**Goal of the exercise:** This exercise calls for copying every line below that holds the word "mathcomp".

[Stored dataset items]
- - - -
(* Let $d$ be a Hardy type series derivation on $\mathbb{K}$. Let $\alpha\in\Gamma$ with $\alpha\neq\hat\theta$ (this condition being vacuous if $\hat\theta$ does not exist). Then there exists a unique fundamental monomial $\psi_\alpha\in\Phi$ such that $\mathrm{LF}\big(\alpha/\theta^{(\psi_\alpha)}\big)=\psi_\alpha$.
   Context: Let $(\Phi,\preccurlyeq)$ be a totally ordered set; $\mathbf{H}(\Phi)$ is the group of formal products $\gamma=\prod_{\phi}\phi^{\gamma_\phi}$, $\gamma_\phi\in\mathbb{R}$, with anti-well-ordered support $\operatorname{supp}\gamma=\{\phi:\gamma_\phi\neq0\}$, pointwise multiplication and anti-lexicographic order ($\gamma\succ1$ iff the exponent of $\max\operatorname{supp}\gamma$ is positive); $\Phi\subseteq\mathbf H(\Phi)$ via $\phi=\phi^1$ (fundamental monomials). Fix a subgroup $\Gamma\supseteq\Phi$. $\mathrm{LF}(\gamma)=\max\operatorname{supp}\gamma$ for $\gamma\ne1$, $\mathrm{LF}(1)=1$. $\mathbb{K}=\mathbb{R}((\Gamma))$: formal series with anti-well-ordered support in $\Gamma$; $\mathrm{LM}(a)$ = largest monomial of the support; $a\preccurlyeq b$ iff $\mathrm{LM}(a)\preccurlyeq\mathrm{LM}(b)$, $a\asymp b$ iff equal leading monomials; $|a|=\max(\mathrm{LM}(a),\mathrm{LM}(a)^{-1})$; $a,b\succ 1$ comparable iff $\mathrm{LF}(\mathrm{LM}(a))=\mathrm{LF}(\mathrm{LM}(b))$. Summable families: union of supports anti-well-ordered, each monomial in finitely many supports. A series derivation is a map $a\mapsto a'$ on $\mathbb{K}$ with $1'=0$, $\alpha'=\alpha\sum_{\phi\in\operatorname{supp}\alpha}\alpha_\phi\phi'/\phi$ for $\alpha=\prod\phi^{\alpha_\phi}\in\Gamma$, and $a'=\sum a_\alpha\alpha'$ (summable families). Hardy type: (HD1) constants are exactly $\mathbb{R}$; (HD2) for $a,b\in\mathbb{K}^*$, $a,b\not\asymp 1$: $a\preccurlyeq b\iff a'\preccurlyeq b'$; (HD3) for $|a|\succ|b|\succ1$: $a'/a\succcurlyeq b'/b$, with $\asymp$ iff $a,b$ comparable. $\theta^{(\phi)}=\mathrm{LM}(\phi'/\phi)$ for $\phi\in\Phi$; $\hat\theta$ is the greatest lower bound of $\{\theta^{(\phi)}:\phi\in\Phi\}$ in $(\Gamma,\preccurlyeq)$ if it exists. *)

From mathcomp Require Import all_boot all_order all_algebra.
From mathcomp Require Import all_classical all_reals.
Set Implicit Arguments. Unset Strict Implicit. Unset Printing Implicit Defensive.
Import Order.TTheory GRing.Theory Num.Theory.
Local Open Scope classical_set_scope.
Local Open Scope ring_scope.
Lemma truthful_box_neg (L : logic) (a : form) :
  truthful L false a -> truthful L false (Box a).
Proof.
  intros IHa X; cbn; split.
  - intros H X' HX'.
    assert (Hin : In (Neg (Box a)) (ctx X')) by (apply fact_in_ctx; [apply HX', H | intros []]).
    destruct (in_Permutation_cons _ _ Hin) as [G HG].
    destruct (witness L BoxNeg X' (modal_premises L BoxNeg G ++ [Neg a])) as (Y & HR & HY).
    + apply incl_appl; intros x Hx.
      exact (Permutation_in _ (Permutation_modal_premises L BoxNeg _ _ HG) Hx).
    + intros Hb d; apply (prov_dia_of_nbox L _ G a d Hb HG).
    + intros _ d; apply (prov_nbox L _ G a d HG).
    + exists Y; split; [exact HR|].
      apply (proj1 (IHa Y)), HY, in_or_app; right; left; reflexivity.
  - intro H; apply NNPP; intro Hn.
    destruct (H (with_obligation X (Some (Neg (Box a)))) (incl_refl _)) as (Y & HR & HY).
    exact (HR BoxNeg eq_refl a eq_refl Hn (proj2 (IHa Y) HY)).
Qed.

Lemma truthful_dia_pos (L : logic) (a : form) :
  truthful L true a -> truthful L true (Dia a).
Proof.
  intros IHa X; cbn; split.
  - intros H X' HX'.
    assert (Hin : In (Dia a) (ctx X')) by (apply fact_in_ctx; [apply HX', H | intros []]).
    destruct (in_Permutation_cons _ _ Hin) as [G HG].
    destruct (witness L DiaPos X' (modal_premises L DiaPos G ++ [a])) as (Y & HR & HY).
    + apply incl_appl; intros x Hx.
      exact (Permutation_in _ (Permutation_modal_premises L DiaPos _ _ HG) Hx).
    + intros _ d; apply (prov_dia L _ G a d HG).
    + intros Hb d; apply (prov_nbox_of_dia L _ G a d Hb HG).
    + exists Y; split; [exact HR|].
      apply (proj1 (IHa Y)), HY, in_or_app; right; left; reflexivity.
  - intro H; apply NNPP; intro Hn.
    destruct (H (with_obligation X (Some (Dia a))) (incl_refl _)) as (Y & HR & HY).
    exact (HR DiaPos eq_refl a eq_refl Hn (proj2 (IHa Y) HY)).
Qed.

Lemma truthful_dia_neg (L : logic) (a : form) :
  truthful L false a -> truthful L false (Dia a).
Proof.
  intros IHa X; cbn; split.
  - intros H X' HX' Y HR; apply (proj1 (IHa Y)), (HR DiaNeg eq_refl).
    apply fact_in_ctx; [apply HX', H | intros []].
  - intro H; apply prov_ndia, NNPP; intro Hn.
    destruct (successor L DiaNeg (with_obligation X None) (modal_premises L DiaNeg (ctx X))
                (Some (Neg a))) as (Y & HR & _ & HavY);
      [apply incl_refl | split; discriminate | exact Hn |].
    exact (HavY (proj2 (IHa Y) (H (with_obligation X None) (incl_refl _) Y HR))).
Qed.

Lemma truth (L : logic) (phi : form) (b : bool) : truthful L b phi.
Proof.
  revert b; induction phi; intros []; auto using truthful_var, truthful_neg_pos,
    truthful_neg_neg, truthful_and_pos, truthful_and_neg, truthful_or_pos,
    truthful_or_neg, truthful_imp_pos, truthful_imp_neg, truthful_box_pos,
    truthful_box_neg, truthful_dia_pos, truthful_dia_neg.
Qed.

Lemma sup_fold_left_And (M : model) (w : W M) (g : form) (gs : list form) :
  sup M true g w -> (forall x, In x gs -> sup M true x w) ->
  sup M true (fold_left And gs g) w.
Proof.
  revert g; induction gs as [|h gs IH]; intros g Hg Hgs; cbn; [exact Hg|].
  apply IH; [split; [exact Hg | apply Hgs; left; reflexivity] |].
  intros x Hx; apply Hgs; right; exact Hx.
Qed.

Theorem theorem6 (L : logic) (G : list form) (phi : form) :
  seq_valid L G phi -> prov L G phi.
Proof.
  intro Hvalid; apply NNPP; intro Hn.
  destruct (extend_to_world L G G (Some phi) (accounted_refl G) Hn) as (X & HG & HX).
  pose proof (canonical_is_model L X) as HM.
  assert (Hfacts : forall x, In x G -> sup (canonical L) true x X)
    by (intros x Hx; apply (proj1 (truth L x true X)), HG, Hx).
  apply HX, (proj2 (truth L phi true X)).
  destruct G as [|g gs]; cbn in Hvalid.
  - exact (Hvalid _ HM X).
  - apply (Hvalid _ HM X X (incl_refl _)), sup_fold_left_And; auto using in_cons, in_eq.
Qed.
- - - -
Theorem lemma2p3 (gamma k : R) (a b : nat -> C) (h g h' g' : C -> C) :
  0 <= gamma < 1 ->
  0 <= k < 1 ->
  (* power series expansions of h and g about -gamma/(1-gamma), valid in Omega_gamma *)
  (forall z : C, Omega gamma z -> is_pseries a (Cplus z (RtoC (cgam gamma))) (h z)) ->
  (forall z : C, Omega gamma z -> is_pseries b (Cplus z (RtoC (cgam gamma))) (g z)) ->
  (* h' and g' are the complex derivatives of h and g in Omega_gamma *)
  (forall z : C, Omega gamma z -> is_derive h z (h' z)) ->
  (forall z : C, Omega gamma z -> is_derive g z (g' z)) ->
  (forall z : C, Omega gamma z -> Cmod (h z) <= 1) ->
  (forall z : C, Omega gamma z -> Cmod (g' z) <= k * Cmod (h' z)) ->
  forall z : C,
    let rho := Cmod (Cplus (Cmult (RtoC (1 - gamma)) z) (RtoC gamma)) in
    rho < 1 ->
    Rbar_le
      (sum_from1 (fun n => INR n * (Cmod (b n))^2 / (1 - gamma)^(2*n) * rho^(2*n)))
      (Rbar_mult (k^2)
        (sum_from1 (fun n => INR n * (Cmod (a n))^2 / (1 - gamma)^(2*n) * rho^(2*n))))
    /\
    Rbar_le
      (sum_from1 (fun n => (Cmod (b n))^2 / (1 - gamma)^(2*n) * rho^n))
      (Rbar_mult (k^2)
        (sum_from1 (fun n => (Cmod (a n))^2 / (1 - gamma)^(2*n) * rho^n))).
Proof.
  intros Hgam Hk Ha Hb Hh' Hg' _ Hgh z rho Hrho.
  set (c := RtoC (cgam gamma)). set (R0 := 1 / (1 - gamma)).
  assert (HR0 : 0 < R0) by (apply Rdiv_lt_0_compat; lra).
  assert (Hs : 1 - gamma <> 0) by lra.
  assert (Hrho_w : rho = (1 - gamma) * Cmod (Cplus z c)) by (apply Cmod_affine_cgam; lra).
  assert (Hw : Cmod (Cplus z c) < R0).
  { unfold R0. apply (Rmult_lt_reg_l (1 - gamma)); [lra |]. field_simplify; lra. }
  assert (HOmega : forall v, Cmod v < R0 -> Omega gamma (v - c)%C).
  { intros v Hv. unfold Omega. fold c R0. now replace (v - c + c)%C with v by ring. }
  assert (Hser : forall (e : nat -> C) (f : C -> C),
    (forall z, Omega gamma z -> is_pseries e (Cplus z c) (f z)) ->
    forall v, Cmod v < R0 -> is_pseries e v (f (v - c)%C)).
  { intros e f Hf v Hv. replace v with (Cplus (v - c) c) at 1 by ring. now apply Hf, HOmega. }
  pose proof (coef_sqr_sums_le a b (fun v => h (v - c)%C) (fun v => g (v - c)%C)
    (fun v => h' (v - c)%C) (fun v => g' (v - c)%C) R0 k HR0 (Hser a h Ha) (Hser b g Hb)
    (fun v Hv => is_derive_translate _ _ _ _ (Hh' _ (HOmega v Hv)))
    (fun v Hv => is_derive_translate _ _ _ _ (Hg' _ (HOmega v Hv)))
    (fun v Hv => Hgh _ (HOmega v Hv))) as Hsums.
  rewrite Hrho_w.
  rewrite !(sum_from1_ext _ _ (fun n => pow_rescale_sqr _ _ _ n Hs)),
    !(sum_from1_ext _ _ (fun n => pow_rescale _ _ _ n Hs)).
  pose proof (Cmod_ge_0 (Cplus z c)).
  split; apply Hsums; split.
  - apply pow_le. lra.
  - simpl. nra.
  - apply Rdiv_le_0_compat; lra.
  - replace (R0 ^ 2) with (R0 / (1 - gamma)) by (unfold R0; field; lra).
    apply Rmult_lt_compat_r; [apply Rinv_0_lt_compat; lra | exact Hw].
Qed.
- - - -
**Answer section:**
From mathcomp Require Import all_boot all_order all_algebra.
From mathcomp Require Import all_classical all_reals.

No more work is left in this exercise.